= ABOUT THIS EXERCISE =
The entries that follow include a run beginning at the line with "by apply: le_trans" and ending at the line with "Section Cover."; restate that run word for word and leave the rest out.

= DATA =
Lemma sum_halving_loss_le (R : realType) :
  \sum_(s : signs) (halving_loss s)%:R <= (2 ^ n)%:R * (6 * m%:R * Num.sqrt n%:R) :> R.
Proof.
under eq_bigr => s _ do rewrite natr_sum.
have -> : (2 ^ n)%:R * (6 * m%:R * Num.sqrt n%:R) =
    \sum_(i < m) 2 * ((2 ^ n)%:R * (3 * Num.sqrt n%:R)) :> R.
  by rewrite sumr_const card_ord -mulr_natr; ring.
rewrite exchange_big /=; apply: ler_sum => i _; under eq_bigr => s _ do rewrite natrD.
by rewrite big_split mulr_natl mulr2n lerD // sum_walk_max_le.
Qed.

Lemma exists_halving (R : realType) : exists g : 'I_n -> V, forall v,
  (\sum_j score (a j) v + \sum_j score (b j) v)%:R <=
  2 * (\sum_j score (g j) v)%:R + 12 * m%:R * Num.sqrt n%:R :> R.
Proof.
have [s loss_s] : exists s : signs, - (6 * m%:R * Num.sqrt n%:R) <= - (halving_loss s)%:R :> R.
  apply: (exists_ge_avg [ffun=> true]); rewrite card_ffun card_bool card_ord sumrN.
  by rewrite mulrN lerN2 sum_halving_loss_le.
exists (pick_sides s) => v; have := score_pick_sides s v.
by rewrite -(ler_nat R) natrD [X in _ <= X]natrD !natrM; lra.
Qed.
End Halving.
End Scores.

Section RepeatedHalving.
Variables (R : realType) (V : finType) (m : nat) (ord : 'I_m -> rel V).

Lemma sqrt_double_le (K : nat) : 2 * Num.sqrt (K + K)%:R <= 3 * Num.sqrt K%:R :> R.
Proof.
have s_ge0 := sqrtr_ge0 (K%:R : R); have s2_ge0 := sqrtr_ge0 ((K + K)%:R : R).
have : Num.sqrt (K + K)%:R ^+ 2 = 2 * Num.sqrt K%:R ^+ 2 :> R.
  by rewrite !sqr_sqrtr ?ler0n // natrD; ring.
nra.
Qed.

Lemma halve_repeatedly (K L N : nat) (beta : R) (f : 'I_N -> V) :
  (0 < K)%N -> N = (K * 2 ^ L)%N ->
  (forall v, beta * N%:R <= (\sum_k score ord (f k) v)%:R) ->
  exists g : 'I_K -> V, forall v,
    (beta - 24 * m%:R / Num.sqrt K%:R) * K%:R <= (\sum_j score ord (g j) v)%:R.
Proof.
elim: L K N beta f => [|L IH] K N beta f K_gt0 eN score_f.
  move: eN score_f; rewrite expn0 muln1 => eN; subst N => score_f.
  exists f => v; apply: le_trans (score_f v).
  by rewrite ler_wpM2r ?ler0n // lerBlDr lerDl divr_ge0 ?sqrtr_ge0 // mulr_ge0 ?ler0n.
have eN2 : N = ((K + K) * 2 ^ L)%N by rewrite eN expnS mulnA muln2 addnn.
have [g2 score_g2] := IH (K + K)%N N beta f (ltn_addl K K_gt0) eN2 score_f.
have [g score_g] := exists_halving ord (fun j => g2 (lshift K j)) (fun j => g2 (rshift K j)) R.
exists g => v; have := score_g v; have := score_g2 v; rewrite big_split_ord /=.
set s := Num.sqrt K%:R; set s2 := Num.sqrt (K + K)%:R.
have s_gt0 : 0 < s by rewrite sqrtr_gt0 ltr0n.
have s2_gt0 : 0 < s2 by rewrite sqrtr_gt0 ltr0n addn_gt0 K_gt0.
have sK : 24 * m%:R / s * K%:R = 24 * m%:R * s.
  by rewrite -[K%:R](@sqr_sqrtr R) ?ler0n // -/s; field; rewrite gt_eqF.
have s2K : 24 * m%:R / s2 * (K + K)%:R = 24 * m%:R * s2.
  by rewrite -[(K + K)%:R](@sqr_sqrtr R) ?ler0n // -/s2; field; rewrite gt_eqF.
have : m%:R * (2 * s2) <= m%:R * (3 * s) by rewrite ler_wpM2l ?ler0n ?sqrt_double_le.
rewrite natrD in s2K *; rewrite !mulrBl sK; lra.
Qed.
End RepeatedHalving.

Section MultiplicativeWeights.
Variables (R : realType) (V : finType) (m : nat) (ord : 'I_m -> rel V) (theta : R).
Hypotheses (m_gt0 : (0 < m)%N) (theta_gt0 : 0 < theta) (theta_le : theta <= 1 / 2).

Definition weight (s : seq V) (v : V) : R :=
  ((1 + theta / m%:R) ^+ (\sum_(u <- s) score ord u v))^-1.

Definition potential (s : seq V) : R := \sum_v weight s v.

Lemma theta_div_m_gt0 : 0 < theta / m%:R.
Proof. by rewrite divr_gt0 ?ltr0n. Qed.

Lemma weight_gt0 s v : 0 < weight s v.
Proof. by rewrite invr_gt0 exprn_gt0 // ltr_wpDr ?ltW ?theta_div_m_gt0. Qed.

Lemma weight_le_potential s v : weight s v <= potential s.
Proof.
by rewrite /potential (bigD1 v) //= lerDl sumr_ge0 // => u _; rewrite ltW ?weight_gt0.
Qed.

Lemma exists_heavy (x0 : V) s :
  exists u, m%:R * potential s <= \sum_v weight s v * (score ord u v)%:R.
Proof.
apply: (exists_ge_wavg x0 (w := weight s)) => [u|]; first exact: weight_gt0.
rewrite /potential -mulrA -expr2 -(sum_weighted_score ord).
under [in X in _ <= X]eq_bigr => u _ do rewrite mulr_sumr.
by under eq_bigr do under eq_bigr do rewrite mulrA.
Qed.

Lemma potential_step (x0 : V) s :
  exists u, potential (u :: s) <= potential s * (1 - theta + 2 * theta ^+ 2).
Proof.
have [u heavy_u] := exists_heavy x0 s; exists u.
set c := theta / m%:R; have c_gt0 : 0 < c := theta_div_m_gt0.
have mc : m%:R * c = theta by rewrite /c mulrC divfK // lt0r_neq0 ?ltr0n.
apply: (le_trans (y := \sum_v weight s v * (1 - c * (score ord u v)%:R +
                      (2 * m)%:R * c ^+ 2 * (score ord u v)%:R))).
  apply: ler_sum => v _; rewrite /weight big_cons exprD invfM mulrC -/c.
  rewrite ler_wpM2l ?(ltW (weight_gt0 _ _)) //.
  by apply: inv_pow_le_quadratic; [exact: ltW | rewrite ler_nat score_le].
have damp : c - (2 * m)%:R * c ^+ 2 = c * (1 - 2 * theta) by rewrite -mc natrM; ring.
have damp_ge0 : 0 <= c - (2 * m)%:R * c ^+ 2.
  by rewrite damp; apply: mulr_ge0; [exact: ltW | have := theta_le; lra].
have := ler_wpM2l damp_ge0 heavy_u.
have -> : (c - (2 * m)%:R * c ^+ 2) * (m%:R * potential s) =
    (theta - 2 * theta ^+ 2) * potential s by rewrite damp -mc; ring.
have -> : \sum_v weight s v * (1 - c * (score ord u v)%:R +
                                (2 * m)%:R * c ^+ 2 * (score ord u v)%:R) =
    potential s - (c - (2 * m)%:R * c ^+ 2) * \sum_v weight s v * (score ord u v)%:R.
  by rewrite /potential mulr_sumr -sumrB; apply: eq_bigr => v _; ring.
have -> : potential s * (1 - theta + 2 * theta ^+ 2) =
    potential s - (theta - 2 * theta ^+ 2) * potential s by ring.
exact: lerB.
Qed.

Lemma potential_bound (x0 : V) T : exists s, size s = T /\
  potential s <= #|V|%:R * (1 - theta + 2 * theta ^+ 2) ^+ T.
Proof.
elim: T => [|T [s [size_s pot_s]]].
  exists [::]; split => //; rewrite expr0 mulr1 /potential.
  by under eq_bigr do rewrite /weight big_nil expr0 invr1; rewrite sumr_const.
have [u step_u] := potential_step x0 s.
exists (u :: s); split; first by rewrite /= size_s.
have q_ge0 : 0 <= 1 - theta + 2 * theta ^+ 2 by have := theta_le; nra.
by apply: le_trans step_u _; rewrite (exprSr _ T) mulrA; apply: ler_wpM2r.
Qed.

Lemma weight_ge s v k : (\sum_(u <- s) score ord u v < m * k)%N ->
  (1 - theta) ^+ k <= weight s v.
Proof.
set c := theta / m%:R; have c_gt0 : 0 < c := theta_div_m_gt0.
have mc : m%:R * c = theta by rewrite /c mulrC divfK // lt0r_neq0 ?ltr0n.
have theta_lt1 : 0 < 1 - theta by have := theta_le; lra.
have c1_gt0 : 0 < 1 + c by rewrite ltr_wpDl.
have base_le : (1 + c) ^+ m <= (1 - theta)^-1.
  rewrite -(ler_pM2l theta_lt1) mulfV ?lt0r_neq0 //.
  by have := bernoulli_inv m (ltW c_gt0); rewrite mc.
move=> small; rewrite /weight -/c -[X in X <= _]invrK.
rewrite lef_pV2 ?posrE ?invr_gt0 ?exprn_gt0 //.
apply: (le_trans (y := (1 + c) ^+ (m * k))).
  by rewrite ler_eXn2l ?ltrDl // ltnW.
rewrite exprM -exprVn; apply: lerXn2r => //; rewrite nnegrE.
  by rewrite exprn_ge0 // ltW.
by rewrite invr_ge0 ltW.
Qed.
End MultiplicativeWeights.

Section Cover.
Variables (R : realType) (V : finType) (m : nat) (ord : 'I_m -> rel V).

Lemma exists_score_multiset (x0 : V) (r : nat) : (0 < m)%N -> (0 < r)%N ->
  exists T0, forall T, (T0 <= T)%N -> exists s : seq V, size s = (r * T)%N /\
    forall v, (1 - r%:R^-1) * m%:R * (size s)%:R <= (\sum_(u <- s) score ord u v)%:R :> R.
Proof.
move=> m_gt0 r_gt0; have r_ge1 : 1 <= r%:R :> R by rewrite ler1n.
set theta : R := (4 * r%:R)^-1.
have thetaE : theta * (4 * r%:R) = 1 by rewrite mulVf // lt0r_neq0 //; lra.
have theta_gt0 : 0 < theta by rewrite invr_gt0; lra.
have theta_le : theta <= 1 / 2 by nra.
set q := 1 - theta + 2 * theta ^+ 2.
have q_lt : q ^+ r < (1 - theta) ^+ r.-1.
  by rewrite -{1}(prednK r_gt0) pow_rate_lt // prednK //; nra.
have pow_gt0 k : 0 < (1 - theta) ^+ k by rewrite exprn_gt0 // subr_gt0; lra.
set rho := q ^+ r / (1 - theta) ^+ r.-1.
have q_gt0 : 0 < q by rewrite /q; have := sqr_ge0 theta; lra.
have rho_gt0 : 0 < rho by rewrite divr_gt0 // exprn_gt0.
have rho_lt1 : rho < 1 by rewrite ltr_pdivrMr // mul1r.
have [T0 small] := exists_pow_lt #|V|%:R rho_gt0 rho_lt1.
exists T0 => T le_T0T.
have [s [size_s pot_s]] := potential_bound ord m_gt0 theta_gt0 theta_le x0 (r * T).
exists s; split => // v.
have le_S : (m * (r.-1 * T) <= \sum_(u <- s) score ord u v)%N.
  rewrite leqNgt; apply/negP => /(weight_ge m_gt0 theta_gt0 theta_le) low.
  have := le_trans low (le_trans (weight_le_potential ord m_gt0 theta_gt0 s v) pot_s).
  have -> : q ^+ (r * T) = (1 - theta) ^+ (r.-1 * T) * rho ^+ T.
    by rewrite !exprM -exprMn /rho mulrC divfK // lt0r_neq0.
  by rewrite mulrCA -[X in X <= _]mulr1 ler_pM2l // leNgt small.
apply: le_trans (_ : _ <= (m * (r.-1 * T))%:R) _; last by rewrite ler_nat.
rewrite size_s -subn1 !natrM natrB //.
suff -> : (1 - r%:R^-1) * m%:R * (r%:R * T%:R) = m%:R * ((r%:R - 1) * T%:R) :> R by [].
by field; rewrite lt0r_neq0 //; lra.
Qed.

Lemma exists_score_cover (x0 : V) (r : nat) : (0 < m)%N -> (0 < r)%N ->
  exists g : 'I_((24 * r) ^ 2) -> V, forall v,
    (1 - 2 / r%:R) * m%:R * ((24 * r) ^ 2)%:R <= (\sum_j score ord (g j) v)%:R :> R.
Proof.
move=> m_gt0 r_gt0; set K := ((24 * r) ^ 2)%N.
have K_gt0 : (0 < K)%N by rewrite expn_gt0 muln_gt0 r_gt0.
have [T0 multiset] := exists_score_multiset x0 m_gt0 r_gt0.
have le_T0 : (T0 <= 24 ^ 2 * r * 2 ^ T0)%N.
  by have := ltn_expl T0 (isT : (1 < 2)%N); set w := (2 ^ T0)%N; nia.
have [s [size_s score_s]] := multiset _ le_T0.
have eN : size s = (K * 2 ^ T0)%N by rewrite size_s /K; ring.
have score_nth v : (1 - r%:R^-1) * m%:R * (size s)%:R <=
    (\sum_(k < size s) score ord (nth x0 s k) v)%:R :> R.
  by have := score_s v; rewrite (big_nth x0) big_mkord.
have [g score_g] := halve_repeatedly K_gt0 eN score_nth.
exists g => v; apply: le_trans (score_g v).
have r_gt0' : 0 < r%:R :> R by rewrite ltr0n.
have -> : Num.sqrt K%:R = 24 * r%:R :> R.
  by rewrite /K natrX sqrtr_sqr natrM ger0_norm // mulr_ge0 ?ler0n // ltW.
suff -> : (1 - r%:R^-1) * m%:R - 24 * m%:R / (24 * r%:R) = (1 - 2 / r%:R) * m%:R :> R
  by [].
by field; rewrite lt0r_neq0.
Qed.
End Cover.

Section LinearOrders.
Variables (V : finType) (m : nat) (ord : 'I_m -> rel V).
Hypothesis ord_linear : forall i, linear_order (ord i).

Lemma rank_lt_of i x v : ord i x v -> x != v -> (rank ord i x < rank ord i v)%N.
Proof.
move=> le_xv ne_xv; have [_ anti trans _] := ord_linear i.
apply: proper_card; apply/properP; split.
  apply/subsetP => y; rewrite !inE => /andP[le_yx ne_yx].
  rewrite (trans _ _ _ le_yx le_xv); apply: contra ne_xv => /eqP eq_yv.
  by apply/eqP/anti; rewrite le_xv -eq_yv le_yx.
by exists x; rewrite !inE ?le_xv ?ne_xv ?eqxx ?andbF.
Qed.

= RESULT OF THE TASK =
by apply: le_trans step_u _; rewrite (exprSr _ T) mulrA; apply: ler_wpM2r.
Qed.

Lemma weight_ge s v k : (\sum_(u <- s) score ord u v < m * k)%N ->
  (1 - theta) ^+ k <= weight s v.
Proof.
set c := theta / m%:R; have c_gt0 : 0 < c := theta_div_m_gt0.
have mc : m%:R * c = theta by rewrite /c mulrC divfK // lt0r_neq0 ?ltr0n.
have theta_lt1 : 0 < 1 - theta by have := theta_le; lra.
have c1_gt0 : 0 < 1 + c by rewrite ltr_wpDl.
have base_le : (1 + c) ^+ m <= (1 - theta)^-1.
  rewrite -(ler_pM2l theta_lt1) mulfV ?lt0r_neq0 //.
  by have := bernoulli_inv m (ltW c_gt0); rewrite mc.
move=> small; rewrite /weight -/c -[X in X <= _]invrK.
rewrite lef_pV2 ?posrE ?invr_gt0 ?exprn_gt0 //.
apply: (le_trans (y := (1 + c) ^+ (m * k))).
  by rewrite ler_eXn2l ?ltrDl // ltnW.
rewrite exprM -exprVn; apply: lerXn2r => //; rewrite nnegrE.
  by rewrite exprn_ge0 // ltW.
by rewrite invr_ge0 ltW.
Qed.
End MultiplicativeWeights.

Section Cover.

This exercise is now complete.